Path to dataset files: /kaggle/input/mit-plagairism-detection-dataset


In [8]:
import pandas as pd

file_path = '/kaggle/input/mit-plagairism-detection-dataset/train_snli.txt'

# Load the dataset
data = []

with open(file_path, 'r', encoding='utf-8') as f:
    for line in f:
        parts = line.strip().split('\t')
        if len(parts) == 3:
            s1, s2, label = parts
            combined_text = s1 + " " + s2
            data.append({'text': combined_text, 'label': int(label)})

df = pd.DataFrame(data)
print(df.head())


                                                text  label
0  A person on a horse jumps over a broken down a...      0
1  A person on a horse jumps over a broken down a...      1
2  Children smiling and waving at camera There ar...      1
3  Children smiling and waving at camera The kids...      0
4  A boy is jumping on skateboard in the middle o...      0


In [9]:
import torch
import torch.nn as nn
from torch.utils.data import Dataset, DataLoader, random_split
from transformers import BertTokenizerFast
from sklearn.metrics import accuracy_score
from tqdm import tqdm

device = torch.device("cuda" if torch.cuda.is_available() else "cpu")


In [10]:
from huggingface_hub import login
from google.colab import userdata

hf_token = userdata.get('huggingface')  # This pulls the secret from Colab secrets
login(token=hf_token)


In [11]:
# Step 3: Tokenization
tokenizer = BertTokenizerFast.from_pretrained("bert-base-uncased")
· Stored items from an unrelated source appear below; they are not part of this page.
(* Write S = b + c and s = sqrt(ad).  The heart of the file is that G is monotone
   whenever b, c >= 0 and
       S <= 2 s   and   max(a, d) <= 2 S + 4 s,                             (#)
   which is exactly the non-strict condition of part (i).  Given u, v put w = u - v
   and f(t) = G(v + t w).w, so that monotonicity reads f(0) <= f(1).
   - If the segment [v, u] avoids the origin, f is differentiable and |z|^3 f'(t) is
     a quadratic form [Nq] in (w1, w2) at z = v + t w.  Its discriminant is the
     polynomial [Dq] at (z1^2, z2^2); for fixed S = b + c, [Dq] is a convex
     combination of its values at c = 0 and b = 0 plus a nonnegative term, and in
     these extreme cases it is X times a cubic with nonnegative coefficients under (#).  So f' >= 0 and the mean
     value theorem concludes.
   - If v and w are collinear, G(l w).w = l |l| G(w).w and l |l| is nondecreasing.
   For the strict condition, G_B(a,b,c,d) = G_B(a-e,b-e,c-e,d-e) + e |u| u; for small
   e > 0 the shifted parameters still satisfy (#), and u |-> |u| u is 3-monotone
   with constant 1/2.  Part (ii) compares max(a,d)/2 - 2 s with 0 and with 2 s,
   using s^2 = max(a,d) min(a,d). *)

Lemma quad_form_nonneg (A B C w1 w2 : R) :
  0 <= A -> 0 <= C -> B ^ 2 <= 4 * A * C -> 0 <= A * w1 ^ 2 + B * w1 * w2 + C * w2 ^ 2.
Proof.
  intros hA hC hdisc.
  destruct (Req_dec A 0) as [hA0 | hA0].
  - subst A. assert (B = 0) by nra. subst B. nra.
  - assert (completed_square : 4 * A * (A * w1 ^ 2 + B * w1 * w2 + C * w2 ^ 2)
                               = (2 * A * w1 + B * w2) ^ 2 + (4 * A * C - B ^ 2) * w2 ^ 2) by ring.
    assert (0 <= (2 * A * w1 + B * w2) ^ 2) by apply pow2_ge_0.
    assert (0 <= (4 * A * C - B ^ 2) * w2 ^ 2) by (apply Rmult_le_pos; [lra | apply pow2_ge_0]).
    nra.
Qed.

Lemma cubic_form_nonneg (k3 k2 k1 k0 X Y : R) :
  0 <= k3 -> 0 <= k2 -> 0 <= k1 -> 0 <= k0 -> 0 <= X -> 0 <= Y ->
  0 <= k3 * X ^ 3 + k2 * X ^ 2 * Y + k1 * X * Y ^ 2 + k0 * Y ^ 3.
Proof.
  intros. assert (0 <= X ^ 2) by (apply pow_le; assumption).
  assert (0 <= X ^ 3) by (apply pow_le; assumption).
  assert (0 <= Y ^ 2) by (apply pow_le; assumption).
  assert (0 <= Y ^ 3) by (apply pow_le; assumption).
  repeat (assumption || apply Rplus_le_le_0_compat || apply Rmult_le_pos).
Qed.

(* [Dq a b c d (x^2) (y^2)] is 4 A C - B^2 for the coefficients A, B, C of the
   quadratic form [Nq] below, i.e. minus its discriminant. *)
Definition Dq (a b c d X Y : R) : R :=
  4 * (2 * a * X ^ 2 + 3 * a * X * Y + b * Y ^ 2) * (c * X ^ 2 + 3 * d * X * Y + 2 * d * Y ^ 2)
  - X * Y * ((2 * b + c - a) * X + (b + 2 * c - d) * Y) ^ 2.

Section ExtremeDiscriminant.

(* Here S stands for b + c and s for sqrt(ad); the hypotheses are (#). *)
Variables (a d s S : R).
Hypotheses (ha : 0 < a) (hd : 0 < d) (hs : 0 <= s) (hss : s * s = a * d) (hS : 0 < S)
  (hup : S <= 2 * s) (hla : a <= 2 * S + 4 * s) (hld : d <= 2 * S + 4 * s).

(* The three nontrivial coefficients of [Dq a 0 S d] / X are nonnegative under (#). *)
Lemma coef_Y3 : 0 <= 24 * a * d - (2 * S - d) ^ 2.
Proof. assert (-4 * s <= 2 * S - d <= 4 * s) by lra. nra. Qed.

Lemma coef_X2Y : 0 <= 24 * a * d + 12 * a * S - (S - a) ^ 2.
Proof. assert (a * (a - 2 * S - 4 * s) <= 0) by nra. nra. Qed.

Lemma coef_XY2 : 0 <= 52 * a * d - 2 * (S - a) * (2 * S - d).
Proof.
  destruct (Rle_dec a S), (Rle_dec d (2 * S)).
  - assert ((S - a) * (2 * S - d) <= S * (2 * S)) by nra. nra.
  - assert ((S - a) * (2 * S - d) <= 0) by nra. nra.
  - assert ((S - a) * (2 * S - d) <= 0) by nra. nra.
  - assert ((S - a) * (2 * S - d) <= a * d) by nra. nra.
Qed.

Lemma Dq_extreme_nonneg (X Y : R) : 0 <= X -> 0 <= Y -> 0 <= Dq a 0 S d X Y.
Proof.
  intros hX hY.
  replace (Dq a 0 S d X Y) with
    (X * (8 * a * S * X ^ 3 + (24 * a * d + 12 * a * S - (S - a) ^ 2) * X ^ 2 * Y
          + (52 * a * d - 2 * (S - a) * (2 * S - d)) * X * Y ^ 2
          + (24 * a * d - (2 * S - d) ^ 2) * Y ^ 3)) by (unfold Dq; ring).
  apply Rmult_le_pos; [assumption |].
  apply cubic_form_nonneg; auto using coef_Y3, coef_X2Y, coef_XY2.
  nra.
Qed.

End ExtremeDiscriminant.

(* |z|^3 times the derivative at t = 0 of t |-> G(z + t w).w, where z = (x, y);
   a quadratic form in w. *)
Definition Nq (a b c d x y w1 w2 : R) : R :=
  (2 * a * (x ^ 2) ^ 2 + 3 * a * x ^ 2 * y ^ 2 + b * (y ^ 2) ^ 2) * w1 ^ 2
  + ((2 * b + c - a) * x ^ 3 * y + (b + 2 * c - d) * x * y ^ 3) * w1 * w2
  + (c * (x ^ 2) ^ 2 + 3 * d * x ^ 2 * y ^ 2 + 2 * d * (y ^ 2) ^ 2) * w2 ^ 2.

(* |z| G(z).w as a polynomial. *)
Definition Gnum (a b c d x y w1 w2 : R) : R :=
  (a * x ^ 2 + b * y ^ 2) * x * w1 + (c * x ^ 2 + d * y ^ 2) * y * w2.

Lemma segment_derivative (a b c d v1 v2 w1 w2 t : R) :
  0 < (v1 + t * w1) ^ 2 + (v2 + t * w2) ^ 2 ->
  is_derive
    (fun t => Gnum a b c d (v1 + t * w1) (v2 + t * w2) w1 w2
              / sqrt ((v1 + t * w1) ^ 2 + (v2 + t * w2) ^ 2)) t
    (Nq a b c d (v1 + t * w1) (v2 + t * w2) w1 w2
     / sqrt ((v1 + t * w1) ^ 2 + (v2 + t * w2) ^ 2) ^ 3).
Proof.
  intros hpos.
  assert (hr : 0 < sqrt ((v1 + t * w1) ^ 2 + (v2 + t * w2) ^ 2)) by (apply sqrt_lt_R0; lra).
  assert (hrr := sqrt_sqrt ((v1 + t * w1) ^ 2 + (v2 + t * w2) ^ 2) ltac:(lra)).
  unfold Gnum. auto_derive;
    replace ((v1 + t * w1) * ((v1 + t * w1) * 1) + (v2 + t * w2) * ((v2 + t * w2) * 1))
      with ((v1 + t * w1) ^ 2 + (v2 + t * w2) ^ 2) by ring.
  - repeat split; lra.
  - set (r := sqrt ((v1 + t * w1) ^ 2 + (v2 + t * w2) ^ 2)) in *.
    replace (Nq a b c d (v1 + t * w1) (v2 + t * w2) w1 w2) with
      (r * r * ((3 * a * (v1 + t * w1) ^ 2 + b * (v2 + t * w2) ^ 2) * w1 ^ 2
                + 2 * (b + c) * (v1 + t * w1) * (v2 + t * w2) * w1 * w2
                + (c * (v1 + t * w1) ^ 2 + 3 * d * (v2 + t * w2) ^ 2) * w2 ^ 2)
       - Gnum a b c d (v1 + t * w1) (v2 + t * w2) w1 w2
         * ((v1 + t * w1) * w1 + (v2 + t * w2) * w2))
      by (rewrite hrr; unfold Nq, Gnum; ring).
    unfold Gnum. field. lra.
Qed.

Lemma norm2_sq (z : vec2) : norm2 z * norm2 z = fst z ^ 2 + snd z ^ 2.
Proof.
  unfold norm2. apply sqrt_sqrt.
  apply Rplus_le_le_0_compat; apply pow2_ge_0.
Qed.

Lemma norm2_ge0 (z : vec2) : 0 <= norm2 z.
Proof. apply sqrt_pos. Qed.

Lemma norm2_scale (l w1 w2 : R) : norm2 (l * w1, l * w2) = Rabs l * norm2 (w1, w2).
Proof.
  unfold norm2; cbn [fst snd].
  replace ((l * w1) ^ 2 + (l * w2) ^ 2) with (Rsqr l * (w1 ^ 2 + w2 ^ 2))
    by (unfold Rsqr; ring).
  rewrite sqrt_mult_alt, sqrt_Rsqr_abs by apply Rle_0_sqr. reflexivity.
Qed.

Lemma signed_square_le (x y : R) : x <= y -> x * Rabs x <= y * Rabs y.
Proof.
  intros hxy.
  destruct (Rcase_abs x), (Rcase_abs y);
    [rewrite (Rabs_left x), (Rabs_left y) by assumption
    |rewrite (Rabs_left x), (Rabs_right y) by assumption
    |rewrite (Rabs_right x), (Rabs_left y) by assumption
    |rewrite (Rabs_right x), (Rabs_right y) by assumption]; nra.
Qed.

Lemma collinear_multiple (v1 v2 w1 w2 : R) :
  v1 * w2 - v2 * w1 = 0 -> 0 < w1 ^ 2 + w2 ^ 2 ->
  exists mu, v1 = mu * w1 /\ v2 = mu * w2.
Proof.
  intros hcol hw.
  exists ((v1 * w1 + v2 * w2) / (w1 ^ 2 + w2 ^ 2)).
  assert (w2 * (v1 * w2 - v2 * w1) = 0) by (rewrite hcol; ring).
  assert (w1 * (v1 * w2 - v2 * w1) = 0) by (rewrite hcol; ring).
  split; field_simplify_eq; lra.
Qed.

Lemma segment_avoids_origin (v1 v2 w1 w2 : R) :
  v1 * w2 - v2 * w1 <> 0 -> forall t, 0 < (v1 + t * w1) ^ 2 + (v2 + t * w2) ^ 2.
Proof.
  intros hcol t.
  assert (0 <= (v1 + t * w1) ^ 2) by apply pow2_ge_0.
  assert (0 <= (v2 + t * w2) ^ 2) by apply pow2_ge_0.
  destruct (Req_dec ((v1 + t * w1) ^ 2 + (v2 + t * w2) ^ 2) 0) as [h0 | h0]; [| lra].
  exfalso. apply hcol.
  assert (v1 = - (t * w1)) by nra. assert (v2 = - (t * w2)) by nra.
  subst v1 v2. ring.
Qed.

Lemma G_B_dot (a b c d : R) (z w : vec2) :
  norm2 z <> 0 -> dot2 (G_B a b c d z) w = Gnum a b c d (fst z) (snd z) (fst w) (snd w) / norm2 z.
Proof.
  intros hz. unfold G_B. destruct (Req_EM_T (norm2 z) 0) as [e | _]; [contradiction |].
  unfold dot2, Gnum. cbn [fst snd]. field. exact hz.
Qed.

(* G_B(l w) = l |l| G_B(w): homogeneity of degree 2 and oddness, paired with w. *)
Lemma G_B_scale (a b c d l w1 w2 : R) :
  dot2 (G_B a b c d (l * w1, l * w2)) (w1, w2)
  = l * Rabs l * dot2 (G_B a b c d (w1, w2)) (w1, w2).
Proof.
  destruct (Req_dec (norm2 (w1, w2)) 0) as [hw | hw].
  - assert (w1 = 0 /\ w2 = 0) as [-> ->].
    { pose proof (norm2_sq (w1, w2)) as hsq. rewrite hw in hsq. cbn [fst snd] in hsq. nra. }
    unfold dot2. cbn [fst snd]. ring.
  - destruct (Req_dec l 0) as [-> | hl].
    + rewrite Rabs_R0. unfold G_B. rewrite norm2_scale, Rabs_R0, Rmult_0_l.
      destruct (Req_EM_T 0 0) as [_ | n]; [| contradiction].
      unfold dot2; cbn [fst snd]. ring.
    + assert (hl' : 0 < Rabs l) by (apply Rabs_pos_lt; exact hl).
      rewrite !G_B_dot, norm2_scale; cbn [fst snd].
      * unfold Gnum. destruct (Rcase_abs l).
        -- rewrite Rabs_left by assumption. field. split; lra.
        -- rewrite Rabs_right by assumption. field. split; lra.
      * exact hw.
      * rewrite norm2_scale. apply Rmult_integral_contrapositive. split; lra.
Qed.

Lemma G_B_self_dot_nonneg (a b c d : R) (w : vec2) :
  0 <= a -> 0 <= b + c -> 0 <= d -> 0 <= dot2 (G_B a b c d w) w.
Proof.
  intros ha hbc hd. destruct w as [w1 w2].
  destruct (Req_dec (norm2 (w1, w2)) 0) as [hw | hw].
  - unfold G_B. destruct (Req_EM_T _ 0) as [_ | n]; [| contradiction].
    unfold dot2; cbn [fst snd]. lra.
  - rewrite G_B_dot by exact hw. unfold Gnum; cbn [fst snd].
    apply Rdiv_le_0_compat; [| pose proof (norm2_ge0 (w1, w2)); lra].
    replace ((a * w1 ^ 2 + b * w2 ^ 2) * w1 * w1 + (c * w1 ^ 2 + d * w2 ^ 2) * w2 * w2)
      with (a * (w1 ^ 2) ^ 2 + (b + c) * (w1 ^ 2 * w2 ^ 2) + d * (w2 ^ 2) ^ 2) by ring.
    assert (0 <= w1 ^ 2) by apply pow2_ge_0. assert (0 <= w2 ^ 2) by apply pow2_ge_0.
    assert (0 <= (w1 ^ 2) ^ 2) by apply pow2_ge_0. assert (0 <= (w2 ^ 2) ^ 2) by apply pow2_ge_0.
    assert (0 <= w1 ^ 2 * w2 ^ 2) by (apply Rmult_le_pos; assumption).
    nra.
Qed.

Lemma increment_collinear (a b c d v1 v2 w1 w2 : R) :
  0 <= a -> 0 <= b + c -> 0 <= d -> v1 * w2 - v2 * w1 = 0 ->
  dot2 (G_B a b c d (v1, v2)) (w1, w2) <= dot2 (G_B a b c d (v1 + w1, v2 + w2)) (w1, w2).
Proof.
  intros ha hbc hd hcol.
  destruct (Req_dec (w1 ^ 2 + w2 ^ 2) 0) as [hw | hw].
  - assert (w1 = 0) by nra. assert (w2 = 0) by nra. subst w1 w2.
    unfold dot2; cbn [fst snd]. lra.
  - assert (hw' : 0 < w1 ^ 2 + w2 ^ 2) by (pose proof (pow2_ge_0 w1); pose proof (pow2_ge_0 w2); lra).
    destruct (collinear_multiple v1 v2 w1 w2 hcol hw') as [mu [-> ->]].
    replace (mu * w1 + w1, mu * w2 + w2) with ((mu + 1) * w1, (mu + 1) * w2) by (f_equal; ring).
    rewrite !G_B_scale.
    pose proof (G_B_self_dot_nonneg a b c d (w1, w2) ha hbc hd).
    pose proof (signed_square_le mu (mu + 1) ltac:(lra)).
    nra.
Qed.

Section MonotonicityRegion.

(* The parameters satisfy (#), with s = sqrt(ad) given through s >= 0, s^2 = ad. *)
Variables a b c d s : R.
Hypotheses (ha : 0 < a) (hd : 0 < d) (hb : 0 <= b) (hc : 0 <= c) (hbc : 0 < b + c)
  (hs : 0 <= s) (hss : s * s = a * d)
  (hup : b + c <= 2 * s) (hla : a <= 2 * (b + c) + 4 * s) (hld : d <= 2 * (b + c) + 4 * s).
class PlagiarismDataset(Dataset):
    def __init__(self, texts, labels, tokenizer, max_len=128):
        self.encodings = tokenizer(texts, truncation=True, padding='max_length', max_length=max_len, return_tensors='pt')
        self.labels = torch.tensor(labels)

    def __len__(self):
        return len(self.labels)

    def __getitem__(self, idx):
        return {
            'input_ids': self.encodings['input_ids'][idx],
            'attention_mask': self.encodings['attention_mask'][idx],
            'labels': self.labels[idx]
        }

dataset = PlagiarismDataset(df['text'].tolist(), df['label'].tolist(), tokenizer)


In [7]:
# Step 4: Train/Test Split
train_size = int(0.8 * len(dataset))
val_size = len(dataset) - train_size
train_dataset, val_dataset = random_split(dataset, [train_size, val_size])

train_loader = DataLoader(train_dataset, batch_size=16, shuffle=True)
val_loader = DataLoader(val_dataset, batch_size=16)


In [8]:
# Step 5: SLM Model with Self-Attention (lightweight)
class SLMWithSelfAttention(nn.Module):
    def __init__(self, vocab_size, embed_dim=128, num_heads=4, num_classes=2):
        super(SLMWithSelfAttention, self).__init__()
        self.embedding = nn.Embedding(vocab_size, embed_dim)
        self.attention = nn.MultiheadAttention(embed_dim, num_heads, batch_first=True)
        self.fc = nn.Sequential(
            nn.Linear(embed_dim, 64),
            nn.ReLU(),
            nn.Linear(64, num_classes)
        )

    def forward(self, input_ids, attention_mask):
        x = self.embedding(input_ids)
        attn_output, _ = self.attention(x, x, x, key_padding_mask=~attention_mask.bool())
        pooled = attn_output.mean(dim=1)  # Global average pooling
        return self.fc(pooled)

model = SLMWithSelfAttention(vocab_size=tokenizer.vocab_size).to(device)


In [9]:
# Step 6: Training Setup
criterion = nn.CrossEntropyLoss()
optimizer = torch.optim.Adam(model.parameters(), lr=1e-4)


In [13]:
# Step 7: Training Loop
for epoch in range(15):
    model.train()
    total_loss = 0
    for batch in tqdm(train_loader):
        input_ids = batch['input_ids'].to(device)
        attention_mask = batch['attention_mask'].to(device)
        labels = batch['labels'].to(device)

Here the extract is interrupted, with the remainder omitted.